This is not a typical question. I have a fully working script but I'm interested in optimizing it.
I frequently back up photos and movies from my digital camera and cell phone to both my home/work desktops, laptops, wife's netbook, and my home NAS and often end up with multiple versions of the same files in folders of varying completeness. I previously wrote a very slow script that checked if files with the same length were identical. It was also limited to a single directory. I recently wrote this much faster script that digs recursively through a directory tree (with find instead of ls), creates a field containing size, checksum, basename and full path name, sorts them, and deletes all but the first when size and checksum are identical. The script uses pipes to avoid arrays and executes quite fast.

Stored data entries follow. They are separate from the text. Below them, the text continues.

(* Let $(V,g)$ be a three-dimensional Lorentzian vector space (signature $(-,+,+)$) with a choice of time orientation, and let $F\in\mathrm{Skew}(V)$, $F\neq0$. Set $\sigma:=-\frac12\mathrm{Tr}(F^2)\in\mathbb{R}$. Then there exists an orthonormal basis $\{e_0,e_1,e_2\}$ of $V$ with $e_0$ timelike and future directed such that $$F(e_0)=\left(-1+\tfrac{\sigma}{4}\right)e_2,\quad F(e_1)=-\left(1+\tfrac{\sigma}{4}\right)e_2,\quad F(e_2)=\left(-1+\tfrac{\sigma}{4}\right)e_0+\left(1+\tfrac{\sigma}{4}\right)e_1.$$
   Context: $\mathrm{Skew}(V)$ denotes the set of endomorphisms $F:V\to V$ with $\langle e,F(e')\rangle=-\langle F(e),e'\rangle$ for all $e,e'\in V$, where $\langle\cdot,\cdot\rangle$ is the inner product of $g$. *)

(* V = column vectors 'cV[R]_3 (every 3-dim real vector space),
   with an arbitrary symmetric bilinear form g given by a Gram matrix G. *)
From HB Require Import structures.
From mathcomp Require Import all_boot all_order all_algebra.
From mathcomp Require Import reals.
Set Implicit Arguments. Unset Strict Implicit. Unset Printing Implicit Defensive.
Import Order.TTheory GRing.Theory Num.Theory.
Local Open Scope ring_scope.

Definition gform (R : realType) (G : 'M[R]_3) (u v : 'cV[R]_3) : R :=
  (u^T *m G *m v) 0 0.

Definition eta (R : realType) (i j : 'I_3) : R :=
  if i == j then (if i == 0 then -1 else 1) else 0.

Definition orthonormal_basis (R : realType) (G : 'M[R]_3) (e : 'I_3 -> 'cV[R]_3) :=
  (\matrix_(i < 3, j < 3) e j i 0) \in unitmx /\
  forall i j, gform G (e i) (e j) = eta R i j.

Definition lorentzian3 (R : realType) (G : 'M[R]_3) :=
  G^T = G /\ exists e, orthonormal_basis G e.

Definition timelike (R : realType) (G : 'M[R]_3) (v : 'cV[R]_3) := gform G v v < 0.

(* a time orientation is given by a timelike vector tau; a timelike v is
   future directed iff it lies in the same cone as tau, i.e. g(v,tau) < 0 *)
Definition future_directed (R : realType) (G : 'M[R]_3) (tau v : 'cV[R]_3) :=
  timelike G v /\ gform G v tau < 0.

Definition skew_op (R : realType) (G : 'M[R]_3) (F : 'M[R]_3) :=
  forall u v : 'cV[R]_3, gform G u (F *m v) = - gform G (F *m u) v.

(* A skew endomorphism F of a three-dimensional Lorentzian space satisfies
   F^3 = -sigma F.  Pick a null vector u with g(Fu, Fu) = k^2 > 0; in an
   orthonormal basis one of e0 +- e1, e0 +- e2 works as soon as F <> 0.  On the
   Krylov vectors u, Fu, F^2 u the Gram matrix of g is
   k^2 [[0, 0, -1], [0, 1, 0], [-1, 0, sigma]] and F acts by u -> Fu -> F^2 u,
   F^3 u = -sigma Fu.  Hence (4 + sigma) u + 2 F^2 u, (4 - sigma) u - 2 F^2 u and
   -4 Fu are g-orthogonal, of squared norms -16k^2, 16k^2, 16k^2, and F acts on
   them by the stated formulas.  Scaling all three by +-1/(4k), with the sign
   that puts the first one in the time cone of tau, gives the basis. *)

From Pilot Require Import Defs.
From HB Require Import structures.
From mathcomp Require Import all_boot all_order all_algebra.
From mathcomp Require Import reals.
From mathcomp Require Import ring lra.
Import Order.TTheory GRing.Theory Num.Theory.
Local Open Scope ring_scope.
Set Implicit Arguments. Unset Strict Implicit.

Lemma sum3E (R : nmodType) (f : 'I_3 -> R) : \sum_(i < 3) f i = f 0 + f 1 + f 2.
Proof.
rewrite !big_ord_recl big_ord0 addr0 addrA.
by congr (f _ + f _ + f _); apply/val_inj.
Qed.

Lemma ord3P (i : 'I_3) : [\/ i = 0, i = 1 | i = 2].
Proof.
by case: i => [[|[|[|//]]] i_lt3]; [apply: Or31 | apply: Or32 | apply: Or33]; apply/val_inj.
Qed.

Section Gform.
Variables (R : realType) (G : 'M[R]_3).

Lemma gformDl u v w : gform G (u + v) w = gform G u w + gform G v w.
Proof. by rewrite /gform linearD !mulmxDl mxE. Qed.
Lemma gformDr u v w : gform G u (v + w) = gform G u v + gform G u w.
Proof. by rewrite /gform mulmxDr mxE. Qed.
Lemma gformZl a u v : gform G (a *: u) v = a * gform G u v.
Proof. by rewrite /gform linearZ /= -!scalemxAl mxE. Qed.
Lemma gformZr a u v : gform G u (a *: v) = a * gform G u v.
Proof. by rewrite /gform -scalemxAr mxE. Qed.
Lemma gformC u v : G^T = G -> gform G u v = gform G v u.
Proof.
move=> GT; rewrite /gform.
have trE (A : 'M[R]_1) : A 0 0 = A^T 0 0 by rewrite mxE.
by rewrite [RHS]trE !trmx_mul !trmxK GT mulmxA.
Qed.
End Gform.

Lemma exists_normalizing_scale (R : rcfType) (a w : R) :
  0 < a -> w != 0 -> exists2 mu : R, mu ^+ 2 * a = 1 & mu * w < 0.
Proof.
move=> a_gt0 w_neq0; have sqrt_gt0 : 0 < Num.sqrt a by rewrite sqrtr_gt0.
exists (- Num.sg w / Num.sqrt a).
  rewrite expr_div_n sqrrN sqr_sg w_neq0 sqr_sqrtr ?ltW // mul1r mulVf //.
  by rewrite gt_eqF.
by rewrite mulrAC mulNr -normrEsg mulNr oppr_lt0 divr_gt0 ?normr_gt0.
Qed.

Lemma gform_skew_self (R : realType) (G F : 'M[R]_3) x :
  G^T = G -> skew_op G F -> gform G x (F *m x) = 0.
Proof.
move=> G_sym F_skew; apply/eqP; rewrite -[_ == 0](@mulrn_eq0 _ _ 2) mulr2n.
by rewrite [X in _ + X]F_skew [gform G (F *m x) x]gformC // subrr.
Qed.

Section KrylovFrame.
Variables (R : realType) (G F : 'M[R]_3) (sigma : R) (u : 'cV[R]_3).
Hypotheses (G_sym : G^T = G) (F_skew : skew_op G F).
Hypotheses (F_cube : F *m F *m F = - sigma *: F) (u_null : gform G u u = 0).

Local Notation K := (gform G (F *m u) (F *m u)).

Definition krylov (a b c : R) : 'cV[R]_3 := a *: u + b *: (F *m u) + c *: (F *m (F *m u)).

Lemma krylovD a b c a' b' c' :
  krylov a b c + krylov a' b' c' = krylov (a + a') (b + b') (c + c').
Proof. by apply/matrixP => i j; rewrite !mxE; ring. Qed.

Lemma krylovZ mu a b c : mu *: krylov a b c = krylov (mu * a) (mu * b) (mu * c).
Proof. by apply/matrixP => i j; rewrite !mxE; ring. Qed.

Let F3u : F *m (F *m (F *m u)) = - sigma *: (F *m u).
Proof. by rewrite !mulmxA F_cube scalemxAl. Qed.

Lemma mul_krylov a b c : F *m krylov a b c = krylov 0 (a - sigma * c) b.
Proof.
rewrite /krylov !mulmxDr -!scalemxAr F3u.
by apply/matrixP => i j; rewrite !mxE; ring.
Qed.

Lemma gform_krylov a b c a' b' c' :
  gform G (krylov a b c) (krylov a' b' c') =
  K * (b * b' - a * c' - c * a' + sigma * c * c').
Proof.
have uFu : gform G u (F *m u) = 0 by apply: gform_skew_self.
have FuF2u : gform G (F *m u) (F *m (F *m u)) = 0 by apply: gform_skew_self.
have uF2u : gform G u (F *m (F *m u)) = - K by rewrite F_skew.
have F2uF2u : gform G (F *m (F *m u)) (F *m (F *m u)) = sigma * K.
  by rewrite [LHS]F_skew gformC // F3u gformZr mulNr opprK.
rewrite /krylov !gformDl !gformDr !gformZl !gformZr.
rewrite [gform G (F *m u) u]gformC // [gform G (F *m (F *m u)) u]gformC //.
rewrite [gform G (F *m (F *m u)) (F *m u)]gformC //.
rewrite u_null uFu FuF2u uF2u F2uF2u; ring.
Qed.

Definition normal_frame (mu : R) (i : 'I_3) : 'cV[R]_3 :=
  nth 0 [:: krylov (mu * (4 + sigma)) 0 (mu * 2);
            krylov (mu * (4 - sigma)) 0 (mu * -2);
            krylov 0 (mu * -4) 0] i.

Lemma gform_normal_frame mu i j :
  gform G (normal_frame mu i) (normal_frame mu j) = mu ^+ 2 * (16 * K) * Defs.eta R i j.
Proof.
by case: (ord3P i) => ->; case: (ord3P j) => ->; rewrite /= gform_krylov /Defs.eta /=; ring.
Qed.

Lemma mul_normal_frame mu :
  [/\ F *m normal_frame mu 0 = (-1 + sigma / 4) *: normal_frame mu 2,
      F *m normal_frame mu 1 = - (1 + sigma / 4) *: normal_frame mu 2 &
      F *m normal_frame mu 2 =
        (-1 + sigma / 4) *: normal_frame mu 0 + (1 + sigma / 4) *: normal_frame mu 1].
Proof.
rewrite /= !mul_krylov !krylovZ krylovD.
by split; congr krylov; field.
Qed.

Lemma gform_normal_frame0 mu x :
  gform G (normal_frame mu 0) x = mu * gform G (normal_frame 1 0) x.
Proof. by rewrite -gformZl /normal_frame /= krylovZ !mul1r mulr0. Qed.
End KrylovFrame.

Section Minkowski.
Variable R : realType.

Definition eta_mx : 'M[R]_3 := \matrix_(i, j) Defs.eta R i j.

Lemma eta_mx_sqr : eta_mx *m eta_mx = 1%:M.
Proof.
apply/matrixP => i j; rewrite !mxE sum3E !mxE.
by case: (ord3P i) => ->; case: (ord3P j) => ->; rewrite /Defs.eta /=; ring.
Qed.

Lemma gform_etaE x y :
  gform eta_mx x y = - (x 0 0 * y 0 0) + x 1 0 * y 1 0 + x 2 0 * y 2 0.
Proof. by rewrite /gform !mxE sum3E !mxE !sum3E !mxE /Defs.eta /=; ring. Qed.

Lemma eta_timelike_gform_neq0 x y :
  gform eta_mx x x < 0 -> gform eta_mx y y < 0 -> gform eta_mx x y != 0.
Proof.
rewrite !gform_etaE; move: (x 0 0) (x 1 0) (x 2 0) (y 0 0) (y 1 0) (y 2 0).
move=> a b c d e f x_tl y_tl; apply/eqP => xy0.
have lagrange : (b * e + c * f) ^+ 2 <= (b ^+ 2 + c ^+ 2) * (e ^+ 2 + f ^+ 2).
  have : 0 <= (b * f - c * e) ^+ 2 by apply: sqr_ge0.
  lra.
have : (b ^+ 2 + c ^+ 2) * (e ^+ 2 + f ^+ 2) < a ^+ 2 * d ^+ 2.
  have : 0 <= (a ^+ 2 - b ^+ 2 - c ^+ 2) * (e ^+ 2 + f ^+ 2) by nra.
  have : 0 < a ^+ 2 * (d ^+ 2 - e ^+ 2 - f ^+ 2) by nra.
  lra.
have -> : a ^+ 2 * d ^+ 2 = (b * e + c * f) ^+ 2 by rewrite -exprMn; congr (_ ^+ 2); lra.
lra.
Qed.

Definition lorentz_skew (p q r : R) : 'M[R]_3 :=
  \matrix_(i, j) nth 0 (nth [::] [:: [:: 0; p; q]; [:: p; 0; r]; [:: q; - r; 0]] i) j.

Lemma eta_skewE M : skew_op eta_mx M -> M = lorentz_skew (M 0 1) (M 0 2) (M 1 2).
Proof.
move=> M_skew.
have E i j : gform eta_mx (delta_mx i 0) (M *m delta_mx j 0) =
             - gform eta_mx (M *m delta_mx i 0) (delta_mx j 0) by apply: M_skew.
move: (E 0 0) (E 1 1) (E 2 2) (E 0 1) (E 0 2) (E 1 2).
rewrite !gform_etaE !mxE !sum3E !mxE /= => E00 E11 E22 E01 E02 E12.
by apply/matrixP => i j; rewrite mxE; case: (ord3P i) => ->; case: (ord3P j) => -> /=; lra.
Qed.

Section LorentzSkew.
Variables p q r : R.
Local Notation L := (lorentz_skew p q r).

Lemma mulmx_lorentz_skewE x :
  L *m x = \col_i nth 0 [:: p * x 1 0 + q * x 2 0;
                            p * x 0 0 + r * x 2 0;
                            q * x 0 0 - r * x 1 0] i.
Proof.
apply/matrixP => i j; rewrite (ord1 j) !mxE sum3E !mxE.
by case: (ord3P i) => -> /=; ring.
Qed.

Lemma mxtrace_lorentz_skew_sqr : \tr (L *m L) = 2 * (p ^+ 2 + q ^+ 2 - r ^+ 2).
Proof. by rewrite /mxtrace sum3E !mxE !sum3E !mxE /=; ring. Qed.

Lemma lorentz_skew_cube : L *m L *m L = (p ^+ 2 + q ^+ 2 - r ^+ 2) *: L.
Proof.
apply/matrixP => i j; rewrite !mxE !sum3E !mxE !sum3E !mxE.
by case: (ord3P i) => ->; case: (ord3P j) => -> /=; ring.
Qed.

(* Lagrange's identity for the Lorentzian cross product: L is the cross
   product with a vector f such that g(f, x) = r x0 + p x2 - q x1 and
   g(f, f) = p^2 + q^2 - r^2. *)
Lemma gform_lorentz_skew x :
  gform eta_mx (L *m x) (L *m x) =
  (r * x 0 0 + p * x 2 0 - q * x 1 0) ^+ 2 + (r ^+ 2 - p ^+ 2 - q ^+ 2) * gform eta_mx x x.
Proof. by rewrite mulmx_lorentz_skewE !gform_etaE !mxE /=; ring. Qed.

Lemma lorentz_skew_null_vector :
  L != 0 -> exists2 x, gform eta_mx x x = 0 & 0 < gform eta_mx (L *m x) (L *m x).
Proof.
move=> L_neq0.
suff [c [s [cs1 lin_neq0]]] : exists c s : R, c ^+ 2 + s ^+ 2 = 1 /\ r + p * s - q * c != 0.
  exists (\col_i nth 0 [:: 1; c; s] i); first by rewrite gform_etaE !mxE /=; nra.
  rewrite gform_lorentz_skew gform_etaE !mxE /=.
  have -> : - (1 * 1) + c * c + s * s = 0 by nra.
  by rewrite mulr0 addr0 mulr1 exprn_even_gt0.
have [rq|] := eqVneq (r - q) 0;
  last by exists 1, 0; split; [ring | rewrite mulr0 mulr1 addr0].
have [rq'|] := eqVneq (r + q) 0;
  last by exists (-1), 0; split; [ring | rewrite mulr0 mulrN1 addr0 opprK].
have [rp|] := eqVneq (r + p) 0;
  last by exists 0, 1; split; [ring | rewrite mulr0 mulr1 subr0].
have [rp'|] := eqVneq (r - p) 0;
  last by exists 0, (-1); split; [ring | rewrite mulr0 mulrN1 subr0].
have [p0 q0 r0] : [/\ p = 0, q = 0 & r = 0] by split; lra.
case/negP: L_neq0; rewrite p0 q0 r0; apply/eqP/matrixP => i j; rewrite !mxE.
by case: (ord3P i) => ->; case: (ord3P j) => -> /=; rewrite ?oppr0.
Qed.
End LorentzSkew.
End Minkowski.

Definition basis_mx (R : realType) (e : 'I_3 -> 'cV[R]_3) : 'M[R]_3 :=
  \matrix_(i < 3, j < 3) e j i 0.

Section OrthonormalBasis.
Variables (R : realType) (G : 'M[R]_3) (e : 'I_3 -> 'cV[R]_3).
Hypothesis e_on : forall i j, gform G (e i) (e j) = Defs.eta R i j.
Local Notation P := (basis_mx e).

Lemma basis_mx_gram : P^T *m G *m P = eta_mx R.
Proof.
apply/matrixP => i j; rewrite [RHS]mxE -e_on /gform !mxE.
apply: eq_bigr => k _; rewrite !mxE; congr (_ * _).
by apply: eq_bigr => l _; rewrite !mxE.
Qed.

Lemma gform_basis_mx x y : gform G (P *m x) (P *m y) = gform (eta_mx R) x y.
Proof. by rewrite /gform -basis_mx_gram trmx_mul !mulmxA. Qed.

Lemma basis_mx_unit : P \in unitmx.
Proof.
have /mulmx1_unit[] : (eta_mx R *m P^T *m G) *m P = 1%:M.
  by rewrite -!mulmxA (mulmxA _ G) basis_mx_gram eta_mx_sqr.
by [].
Qed.

Lemma timelike_gform_neq0 x y : timelike G x -> timelike G y -> gform G x y != 0.
Proof.
rewrite /timelike -(mulKVmx basis_mx_unit x) -(mulKVmx basis_mx_unit y).
rewrite !gform_basis_mx; exact: eta_timelike_gform_neq0.
Qed.

Section Skew.
Variables (F : 'M[R]_3) (F_skew : skew_op G F).
Let M := invmx P *m F *m P.

Let FP : F *m P = P *m M.
Proof. by rewrite /M !mulmxA mulmxV ?basis_mx_unit // mul1mx. Qed.

Let FE : F = P *m M *m invmx P.
Proof. by rewrite -FP mulmxK ?basis_mx_unit. Qed.

Lemma skew_op_basis_mx : skew_op (eta_mx R) M.
Proof. by move=> x y; rewrite -!gform_basis_mx !(mulmxA P M) -FP -!mulmxA F_skew. Qed.

Lemma skew_op_cube : F *m F *m F = (1 / 2 * \tr (F *m F)) *: F.
Proof.
have M_lorentz := eta_skewE skew_op_basis_mx.
have F3 : F *m F *m F = P *m (M *m M *m M) *m invmx P.
  by rewrite [in LHS]FE !mulmxA !mulmxKV ?basis_mx_unit.
have trF2 : \tr (F *m F) = \tr (M *m M).
  rewrite FE !mulmxA mulmxKV ?basis_mx_unit // mxtrace_mulC.
  by rewrite !mulmxA mulVmx ?basis_mx_unit // mul1mx.
rewrite F3 trF2 M_lorentz lorentz_skew_cube mxtrace_lorentz_skew_sqr -M_lorentz.
by rewrite -scalemxAr -scalemxAl -FE; congr (_ *: _); field.
Qed.

Lemma skew_op_null_vector :
  F != 0 -> exists2 u, gform G u u = 0 & 0 < gform G (F *m u) (F *m u).
Proof.
move=> F_neq0; have M_lorentz := eta_skewE skew_op_basis_mx.
have M_neq0 : M != 0 by apply: contraNneq F_neq0; rewrite FE => ->; rewrite mulmx0 mul0mx.
rewrite M_lorentz in M_neq0.
have [x x_null Mx_pos] := lorentz_skew_null_vector M_neq0.
exists (P *m x); first by rewrite gform_basis_mx.
by rewrite mulmxA FP -mulmxA gform_basis_mx M_lorentz.
Qed.
End Skew.
End OrthonormalBasis.

Theorem corollary2p3 (R : realType) (G : 'M[R]_3) (tau : 'cV[R]_3)
  (F : 'M[R]_3) :
  lorentzian3 G -> timelike G tau -> skew_op G F -> F != 0 ->
  let sigma := - (1 / 2) * mxtrace (F *m F) in
  exists e : 'I_3 -> 'cV[R]_3,
    orthonormal_basis G e /\ future_directed G tau (e 0) /\
    F *m e 0 = (-1 + sigma / 4) *: e 2 /\
    F *m e 1 = - (1 + sigma / 4) *: e 2 /\
    F *m e 2 = (-1 + sigma / 4) *: e 0 + (1 + sigma / 4) *: e 1.
Proof.
move=> [G_sym [e' [_ e'_on]]] tau_tl F_skew F_neq0 sigma.
have F_cube : F *m F *m F = - sigma *: F.
  by rewrite (skew_op_cube e'_on F_skew) /sigma mulNr opprK.
have [u u_null Fu_pos] := skew_op_null_vector e'_on F_skew F_neq0.
have gram := gform_normal_frame G_sym F_skew F_cube u_null.
have e0_scale := gform_normal_frame0 G F sigma u.
set e := normal_frame F sigma u in gram e0_scale *.
set K := gform G (F *m u) (F *m u) in Fu_pos gram.
have e0_tl : timelike G (e 1 0).
  by rewrite /timelike gram /Defs.eta /= expr1n mul1r mulrN1 oppr_lt0 mulr_gt0.
have [mu mu_norm mu_neg] :
    exists2 mu : R, mu ^+ 2 * (16 * K) = 1 & mu * gform G (e 1 0) tau < 0.
  by apply: exists_normalizing_scale; [rewrite mulr_gt0 | exact: (timelike_gform_neq0 e'_on)].
have e_on i j : gform G (e mu i) (e mu j) = Defs.eta R i j by rewrite gram mu_norm mul1r.
have [F_e0 F_e1 F_e2] := mul_normal_frame u F_cube mu.
exists (e mu); split; [split | split; [split|]] => //.
- exact: basis_mx_unit e_on.
- by rewrite /timelike e_on /Defs.eta /= ltrN10.
- by rewrite e0_scale.
Qed.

The alphabetically first basename gets kept. I use a comma to separate the size and checksum part (to test if identical) and a backslash before the path name so I can pass everything on the pipe and separate after. There is a dash between size and checksum that was useful for debugging and I don't think impacts speed. The path ends up being part of the sort, but that is harmless since it is after the basename. The parameter substitutions are robust for either comma or backslash occurring in the file name or path (God forbid!).
#! /bin/bash
#Delete duplicate files starting at $1 recursive
dir=${1:-.} #defaults to current directory '.'
find "$dir" | { while read path; do
name=${path##*/} #basename
if [ -f "$path" ]; then #if regular file
sum=$(md5sum "$path")
echo `stat -c %s "$path"`'-'${sum%%' '*}','"$name"'\\'"$path" #length-md5sum,basename\path
else continue #skip if not regular file
fi
done } | sort | { #sort files
test=''
while read line; do
front=${line%%,*} #size-md5sum
back=${line##*\\} #full file name with path
if [ "$front" = "$test" ]; then #same size-md5sum as previous file?
echo 'deleting duplicate file '"$back"; rm "$back" #if so, delete it.
fi
test="$front"
done }
Since it works so well, I'd like to use it as a general tool. Is md5sum good enough? Does adding size (was a legacy optimization from my first script) really add any benefit in collision resistance or execution speed in the sort command? Any ideas on how to make this script faster or more robust?
Edit: sha1sum is about 13% slower than md5sum but probably eliminates collision concerns.
Mike